→ **What to work on**: Lines outside the range are not wanted. Give again exactly the lines between the line holding "first_on_sphere Rf b" and the line holding "From mathcomp Require Import all_boot", inclusive, from the listing below.

→ **Records shown**:
---

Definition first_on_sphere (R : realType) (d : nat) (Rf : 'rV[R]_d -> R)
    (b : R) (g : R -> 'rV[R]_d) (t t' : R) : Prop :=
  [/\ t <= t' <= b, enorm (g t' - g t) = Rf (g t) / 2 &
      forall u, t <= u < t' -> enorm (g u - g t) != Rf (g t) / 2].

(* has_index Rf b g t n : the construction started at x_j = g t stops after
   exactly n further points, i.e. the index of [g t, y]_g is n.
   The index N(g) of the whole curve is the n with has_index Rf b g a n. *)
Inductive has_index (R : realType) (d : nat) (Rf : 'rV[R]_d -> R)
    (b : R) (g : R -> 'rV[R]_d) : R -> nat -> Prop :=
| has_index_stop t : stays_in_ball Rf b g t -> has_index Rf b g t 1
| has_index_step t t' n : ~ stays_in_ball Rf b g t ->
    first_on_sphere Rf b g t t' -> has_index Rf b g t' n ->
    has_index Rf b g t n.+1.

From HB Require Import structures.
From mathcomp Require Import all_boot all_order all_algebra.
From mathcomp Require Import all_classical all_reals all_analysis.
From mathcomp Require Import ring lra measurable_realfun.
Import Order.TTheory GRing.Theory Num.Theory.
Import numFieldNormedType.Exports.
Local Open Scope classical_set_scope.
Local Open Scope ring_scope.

---

→ **Written solution**:
    first_on_sphere Rf b g t t' -> has_index Rf b g t' n ->
    has_index Rf b g t n.+1.

From HB Require Import structures.
From mathcomp Require Import all_boot all_order all_algebra.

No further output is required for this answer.